Public Trust Doctrine

The Public Trust Doctrine is a legal principle derived from English Common Law. Under this doctrine, the waters of the state are a public resource owned by and available to all citizens equally for:
  • Purposes of navigation
  • Conducting commerce
  • Fishing
  • Recreation and similar uses
The Public Trust Doctrine trust is not invalidated by private ownership of the underlying land. The doctrine limits public and private use of tidelands and other shoreline areas to protect the public's right to use the waters of the state.

The Public Trust Doctrine does not allow the public to trespass over privately-owned uplands to access the tidelands. It does, however, protect public use of navigable water bodies below the ordinary high water mark.

Protecting the public trust is a duty of Washington. The state Shoreline Management Act is one of the primary means by which this duty is carried out. The doctrine requires a careful evaluation of the public interest served by any proposed action. In large part, this requirement is fulfilled by planning and permitting requirements under the Shoreline Management Act.

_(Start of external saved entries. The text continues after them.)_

(* Suppose $\hat F_R$ is $\lambda_R$-strongly convex with $\lambda_R\ge\lambda>0$, where $\lambda>0$ is such that $\hat F_S$ is $\lambda$-strongly convex for every dataset $S$. Then $\mathrm{RS}_{\mathrm{ERM}}(R)\le\frac{L}{n\lambda_R}$, $\mathrm{GS}_{\mathrm{ERM}}\le\Delta_{\mathrm{GS}}:=\frac{L}{n\lambda}$, and $$\frac{\mathrm{RS}_{\mathrm{ERM}}(R)}{\Delta_{\mathrm{GS}}}\le\frac{L/(n\lambda_R)}{L/(n\lambda)}=\frac{\lambda}{\lambda_R}.$$
   Context: Let $\mathcal{W}\subseteq\mathbb{R}^d$ and let $f:\mathcal{W}\times\mathcal{Z}\to\mathbb{R}$ be differentiable in $w$ and $L$-Lipschitz in $w$ uniformly over $z$ (so $\|\nabla_w f(w,z)\|_2\le L$). For a dataset $R=\{z_1,\dots,z_n\}$, $\hat F_R(w)=\frac1n\sum_{i=1}^nf(w,z_i)$ and $w_R=\arg\min_{w\in\mathcal{W}}\hat F_R(w)$; minimizers are assumed to be stationary points ($\nabla\hat F_R(w_R)=0$, e.g. $\mathcal{W}=\mathbb{R}^d$). $\hat F_R$ is $\lambda_R$-strongly convex if $\hat F_R(w)-\hat F_R(w')\ge\langle\nabla\hat F_R(w'),w-w'\rangle+\frac{\lambda_R}{2}\|w-w'\|^2$ for all $w,w'\in\mathcal{W}$. The retain sensitivity is $\mathrm{RS}_{\mathrm{ERM}}(R)=\sup_{z\in\mathcal{Z}}\|w_R-w_{R\cup\{z\}}\|$ and the global sensitivity is $\mathrm{GS}_{\mathrm{ERM}}=\sup_R\mathrm{RS}_{\mathrm{ERM}}(R)$ over datasets $R$ of size $n$. *)

From HB Require Import structures.
From mathcomp Require Import all_boot all_order all_algebra.
From mathcomp Require Import all_classical all_reals all_analysis.
Set Implicit Arguments. Unset Strict Implicit. Unset Printing Implicit Defensive.
Import Order.TTheory GRing.Theory Num.Theory.
Import numFieldNormedType.Exports.
Local Open Scope classical_set_scope.
Local Open Scope ring_scope.

Section Defs.
Variables (R : realType) (d : nat) (Z : Type).

Definition dot (u v : 'rV[R]_d) : R := \sum_(i < d) u ord0 i * v ord0 i.
Definition norm2 (v : 'rV[R]_d) : R := Num.sqrt (\sum_(i < d) v ord0 i ^+ 2).

Definition grad (g : 'rV[R]_d -> R) (w : 'rV[R]_d) : 'rV[R]_d :=
  \row_(i < d) 'D_(delta_mx ord0 i) g w.

(* empirical risk of a dataset S (a multiset, represented as a list) *)
Definition Fhat (f : 'rV[R]_d -> Z -> R) (S : seq Z) (w : 'rV[R]_d) : R :=
  (size S)%:R^-1 * \sum_(z <- S) f w z.

Definition strongly_convex (W : set 'rV[R]_d) (F : 'rV[R]_d -> R) (lam : R) :=
  forall w w', W w -> W w' ->
    F w - F w' >= dot (grad F w') (w - w') + lam / 2 * norm2 (w - w') ^+ 2.

(* retain sensitivity: w_ S is the (selected) ERM minimizer of dataset S;
   R ∪ {z} is the dataset z :: S (one extra point, n+1 points) *)
Definition RS (w_ : seq Z -> 'rV[R]_d) (S : seq Z) : R :=
  sup [set norm2 (w_ S - w_ (z :: S)) | z in [set: Z]].

Definition GS (w_ : seq Z -> 'rV[R]_d) (n : nat) : R :=
  sup [set RS w_ S | S in [set S : seq Z | size S = n]].

End Defs.

(** Let w and w' minimize the empirical risks of R and of R ∪ {z}.  Adding the
    two strong-convexity inequalities of F_R at w and w', and using
    grad F_R(w) = 0, gives lam_R |w' - w|^2 <= <grad F_R(w'), w' - w>.
    Since w' is stationary for the risk of R ∪ {z}, n grad F_R(w') equals
    - grad f(w', z), whose norm is at most L; by Cauchy–Schwarz,
    n lam_R |w' - w|^2 <= L |w' - w|. *)
From HB Require Import structures.
From mathcomp Require Import all_boot all_order all_algebra.
From mathcomp Require Import all_classical all_reals all_analysis.
From mathcomp Require Import ring lra.
Set Implicit Arguments. Unset Strict Implicit. Unset Printing Implicit Defensive.
Import Order.TTheory GRing.Theory Num.Theory.
Import numFieldNormedType.Exports.
Local Open Scope classical_set_scope.
Local Open Scope ring_scope.

Section EuclideanSpace.
Variables (R : realType) (d : nat).
Implicit Types (u v x : 'rV[R]_d) (a : R).

Lemma sum_sqr_ge0 v : 0 <= \sum_(i < d) v ord0 i ^+ 2.
Proof. by apply: sumr_ge0 => i _; exact: sqr_ge0. Qed.

Lemma norm2_ge0 v : 0 <= norm2 v.
Proof. exact: sqrtr_ge0. Qed.

Lemma norm2N v : norm2 (- v) = norm2 v.
Proof. by congr Num.sqrt; apply: eq_bigr => i _; rewrite mxE sqrrN. Qed.

Lemma norm2B u v : norm2 (u - v) = norm2 (v - u).
Proof. by rewrite -norm2N opprB. Qed.

Lemma dotBl u v x : dot (u - v) x = dot u x - dot v x.
Proof. by rewrite /dot -sumrB; apply: eq_bigr => i _; rewrite !mxE mulrBl. Qed.

Lemma dotNl u v : dot (- u) v = - dot u v.
Proof. by rewrite -sub0r dotBl /dot big1 ?sub0r // => i _; rewrite mxE mul0r. Qed.

Lemma dotZl a u v : dot (a *: u) v = a * dot u v.
Proof. by rewrite /dot mulr_sumr; apply: eq_bigr => i _; rewrite mxE mulrA. Qed.

Lemma dotC u v : dot u v = dot v u.
Proof. by apply: eq_bigr => i _; rewrite mulrC. Qed.

Lemma dot_sqr_le u v :
  dot u v ^+ 2 <= (\sum_(i < d) u ord0 i ^+ 2) * (\sum_(i < d) v ord0 i ^+ 2).
Proof.
set A := \sum_(i < d) u ord0 i ^+ 2; set B := \sum_(i < d) v ord0 i ^+ 2.
set C := dot u v.
have [A0|A_neq0] := eqVneq A 0.
  have u0 i : u ord0 i = 0.
    apply/eqP; rewrite -sqrf_eq0; apply/eqP.
    by apply: (psumr_eq0P (P := predT) (F := fun i => u ord0 i ^+ 2)) => // j _;
      exact: sqr_ge0.
  have -> : C = 0 by rewrite /C /dot big1 // => i _; rewrite u0 mul0r.
  by rewrite A0 expr0n mul0r.
have A_gt0 : 0 < A by rewrite lt_def A_neq0 sum_sqr_ge0.
(* Expanding the square \sum_i (A v_i - C u_i)^2 >= 0. *)
have expand : \sum_(i < d) (A * v ord0 i - C * u ord0 i) ^+ 2 = A * (A * B - C ^+ 2).
  transitivity (\sum_(i < d) (A ^+ 2 * v ord0 i ^+ 2
      - (2 * A * C) * (u ord0 i * v ord0 i) + C ^+ 2 * u ord0 i ^+ 2)).
    by apply: eq_bigr => i _; ring.
  by rewrite big_split /= sumrB -!mulr_sumr -/A -/B -[\sum_i _ * _]/(dot u v) -/C; ring.
have : 0 <= A * (A * B - C ^+ 2).
  by rewrite -expand; apply: sumr_ge0 => i _; exact: sqr_ge0.
by rewrite pmulr_rge0 // subr_ge0.
Qed.

Lemma dot_le_norm2 u v : dot u v <= norm2 u * norm2 v.
Proof.
have [uv_le0|uv_gt0] := leP (dot u v) 0.
  by apply: le_trans uv_le0 _; apply: mulr_ge0; exact: norm2_ge0.
rewrite /norm2 -sqrtrM ?sum_sqr_ge0 // -(ger0_norm (ltW uv_gt0)) -sqrtr_sqr.
by rewrite ler_sqrt ?dot_sqr_le // mulr_ge0 ?sum_sqr_ge0.
Qed.

Lemma strongly_convex_grad_dot (W : set 'rV[R]_d) (F : 'rV[R]_d -> R) lam w w' :
  strongly_convex W F lam -> W w -> W w' ->
  lam * norm2 (w' - w) ^+ 2 <= dot (grad F w' - grad F w) (w' - w).
Proof.
move=> scF Ww Ww'.
have := scF w' w Ww' Ww; have := scF w w' Ww Ww'.
rewrite -[w - w']opprB norm2N [dot _ (- _)]dotC dotNl dotC dotBl.
lra.
Qed.

End EuclideanSpace.

Section EmpiricalRisk.
Variables (R : realType) (d : nat) (Z : Type) (f : 'rV[R]_d -> Z -> R).

Lemma is_derive_sum_loss (S : seq Z) (w v : 'rV[R]_d) :
  (forall z, differentiable (fun w' => f w' z) w) ->
  is_derive w v (fun w' => \sum_(z <- S) f w' z)
    (\sum_(z <- S) 'D_v (fun w' => f w' z) w).
Proof.
move=> fdiff; elim: S => [|z S IH].
  rewrite big_nil (_ : (fun _ => _) = cst 0); first exact: is_derive_cst.
  by apply/funext => w'; rewrite big_nil.
rewrite big_cons (_ : (fun _ => _) = (fun w' => f w' z) + (fun w' => \sum_(y <- S) f w' y)).
  by apply: is_deriveD => //; exact/derivableP/diff_derivable.
by apply/funext => w'; rewrite big_cons.
Qed.

Lemma grad_Fhat (S : seq Z) (w : 'rV[R]_d) :
  (forall z, differentiable (fun w' => f w' z) w) ->
  grad (Fhat f S) w = (size S)%:R^-1 *: \sum_(z <- S) grad (fun w' => f w' z) w.
Proof.
move=> fdiff; apply/rowP => i; rewrite !mxE summxE.
have sum_derive := is_derive_sum_loss S (delta_mx ord0 i) fdiff.
rewrite (_ : Fhat f S = (size S)%:R^-1 \*: (fun w' => \sum_(z <- S) f w' z)) //.
rewrite deriveZ ?derive_val; last exact: ex_derive.
by congr (_ * _); apply: eq_bigr => z _; rewrite mxE.
Qed.

Lemma grad_Fhat_cons_stationary (S : seq Z) (z : Z) (w : 'rV[R]_d) :
  (forall z, differentiable (fun w' => f w' z) w) -> (0 < size S)%N ->
  grad (Fhat f (z :: S)) w = 0 ->
  (size S)%:R *: grad (Fhat f S) w = - grad (fun w' => f w' z) w.
Proof.
move=> fdiff S_gt0; rewrite !grad_Fhat // big_cons scalerA mulfV ?pnatr_eq0 -?lt0n //.
move=> /eqP; rewrite scaler_eq0 invr_eq0 pnatr_eq0 /= addrC addr_eq0 scale1r.
by move/eqP.
Qed.

End EmpiricalRisk.

Section Sensitivity.
Variables (R : realType) (d : nat) (Z : Type) (w_ : seq Z -> 'rV[R]_d).

Lemma RS_le (S : seq Z) (c : R) :
  (0 < size S)%N -> (forall z, norm2 (w_ S - w_ (z :: S)) <= c) -> RS w_ S <= c.
Proof.
case: S => // z0 S _ dist_le; apply: ge_sup; last by move=> _ [z _ <-].
by exists (norm2 (w_ (z0 :: S) - w_ [:: z0, z0 & S])), z0.
Qed.

Lemma GS_le (n : nat) (S0 : seq Z) (c : R) :
  size S0 = n -> (forall S, size S = n -> RS w_ S <= c) -> GS w_ n <= c.
Proof.
move=> S0_n RS_le_c; apply: ge_sup; first by exists (RS w_ S0), S0.
by move=> _ [S S_n <-]; exact: RS_le_c.
Qed.

End Sensitivity.

Section ERMSensitivity.
Variables (R : realType) (d : nat) (Z : Type).
Variables (W : set 'rV[R]_d) (f : 'rV[R]_d -> Z -> R) (L : R).
Hypothesis f_diff : forall z w, W w -> differentiable (fun w' => f w' z) w.
Hypothesis grad_f_le : forall z w, W w -> norm2 (grad (fun w' => f w' z) w) <= L.

Lemma stationary_dist_le (S : seq Z) (z : Z) (lam : R) (w w' : 'rV[R]_d) :
  (0 < size S)%N -> 0 < lam -> strongly_convex W (Fhat f S) lam ->
  W w -> grad (Fhat f S) w = 0 ->
  W w' -> grad (Fhat f (z :: S)) w' = 0 ->
  norm2 (w - w') <= L / ((size S)%:R * lam).
Proof.
move=> S_gt0 lam_gt0 scF Ww gw0 Ww' gw'0.
set N := norm2 (w' - w).
have N_ge0 : 0 <= N := norm2_ge0 _.
have n_gt0 : 0 < (size S)%:R :> R by rewrite ltr0n.
have curv : lam * N ^+ 2 <= dot (grad (Fhat f S) w') (w' - w).
  by have := strongly_convex_grad_dot scF Ww Ww'; rewrite gw0 subr0.
have slope : (size S)%:R * dot (grad (Fhat f S) w') (w' - w) <= L * N.
  rewrite -dotZl (grad_Fhat_cons_stationary _ S_gt0 gw'0); last by move=> y; exact: f_diff.
  apply: le_trans (dot_le_norm2 _ _) _.
  by rewrite norm2N ler_wpM2r //; exact: grad_f_le.
rewrite norm2B -/N ler_pdivlMr ?mulr_gt0 //.
have [N0|N_neq0] := eqVneq N 0.
  by rewrite N0 mul0r; apply: le_trans (grad_f_le z Ww'); exact: norm2_ge0.
have N_gt0 : 0 < N by rewrite lt_def N_neq0.
nra.
Qed.

Variable w_ : seq Z -> 'rV[R]_d.
Hypothesis w_erm : forall S : seq Z, (0 < size S)%N ->
  [/\ W (w_ S), (forall w, W w -> Fhat f S (w_ S) <= Fhat f S w)
    & grad (Fhat f S) (w_ S) = 0].

Lemma RS_erm_le (S : seq Z) (lam : R) :
  (0 < size S)%N -> 0 < lam -> strongly_convex W (Fhat f S) lam ->
  RS w_ S <= L / ((size S)%:R * lam).
Proof.
move=> S_gt0 lam_gt0 scF; apply: RS_le => // z.
have [Ww _ gw0] := w_erm S_gt0; have [Ww' _ gw'0] := @w_erm (z :: S) isT.
exact: stationary_dist_le S_gt0 lam_gt0 scF Ww gw0 Ww' gw'0.
Qed.

End ERMSensitivity.

Theorem mainTheorem11 (R : realType) (d : nat) (Z : Type)
  (W : set 'rV[R]_d) (f : 'rV[R]_d -> Z -> R) (L : R)
  (w_ : seq Z -> 'rV[R]_d) (n : nat) (S0 : seq Z) (lam lamR : R) :
  (forall z w, W w -> differentiable (fun w' => f w' z) w) ->
  (forall z w w', W w -> W w' -> `|f w z - f w' z| <= L * norm2 (w - w')) ->
  (forall z w, W w -> norm2 (grad (fun w' => f w' z) w) <= L) ->
  (forall S : seq Z, (0 < size S)%N ->
     [/\ W (w_ S), (forall w, W w -> Fhat f S (w_ S) <= Fhat f S w)
       & grad (Fhat f S) (w_ S) = 0]) ->
  (0 < n)%N ->
  size S0 = n ->
  0 < lam ->
  (forall S : seq Z, size S = n -> strongly_convex W (Fhat f S) lam) ->
  strongly_convex W (Fhat f S0) lamR ->
  lam <= lamR ->
  [/\ RS w_ S0 <= L / (n%:R * lamR),
      GS w_ n <= L / (n%:R * lam)
    & RS w_ S0 / (L / (n%:R * lam)) <= lam / lamR].
Proof.
move=> f_diff _ grad_f_le w_erm n_gt0 S0_n lam_gt0 scF scF0 lam_le_lamR.
have lamR_gt0 : 0 < lamR := lt_le_trans lam_gt0 lam_le_lamR.
have RS_S0 : RS w_ S0 <= L / (n%:R * lamR).
  by rewrite -S0_n; apply: (RS_erm_le f_diff grad_f_le w_erm); rewrite ?S0_n.
split => //.
  apply: (GS_le S0_n) => S S_n; rewrite -S_n.
  by apply: (RS_erm_le f_diff grad_f_le w_erm); rewrite ?S_n //; exact: scF.
have L_ge0 : 0 <= L.
  case: S0 S0_n n_gt0 {scF0 RS_S0} => [<-//|z S _ _].
  have [Wz _ _] := w_erm (z :: S) isT.
  exact: le_trans (norm2_ge0 _) (grad_f_le z _ Wz).
have [L0|L_neq0] := eqVneq L 0.
  by rewrite L0 mul0r invr0 mulr0 divr_ge0 ?ltW.
have L_gt0 : 0 < L by rewrite lt_def L_neq0.
have nR_gt0 : 0 < n%:R :> R by rewrite ltr0n.
rewrite ler_pdivrMr ?divr_gt0 ?mulr_gt0 //.
suff -> : lam / lamR * (L / (n%:R * lam)) = L / (n%:R * lamR) by [].
by field; rewrite !gt_eqF.
Qed.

Local governments should consider public trust doctrine concepts when developing Shoreline Master Programs, comprehensive plans, and development regulations. There are few "bright lines" because the Public Trust Doctrine is common, not statutory law. This means the extent of its applicability can only be determined by state court decisions. For an introduction to state case law see The Public Trust Doctrine and Coastal Zone Management in Washington State (October 1991).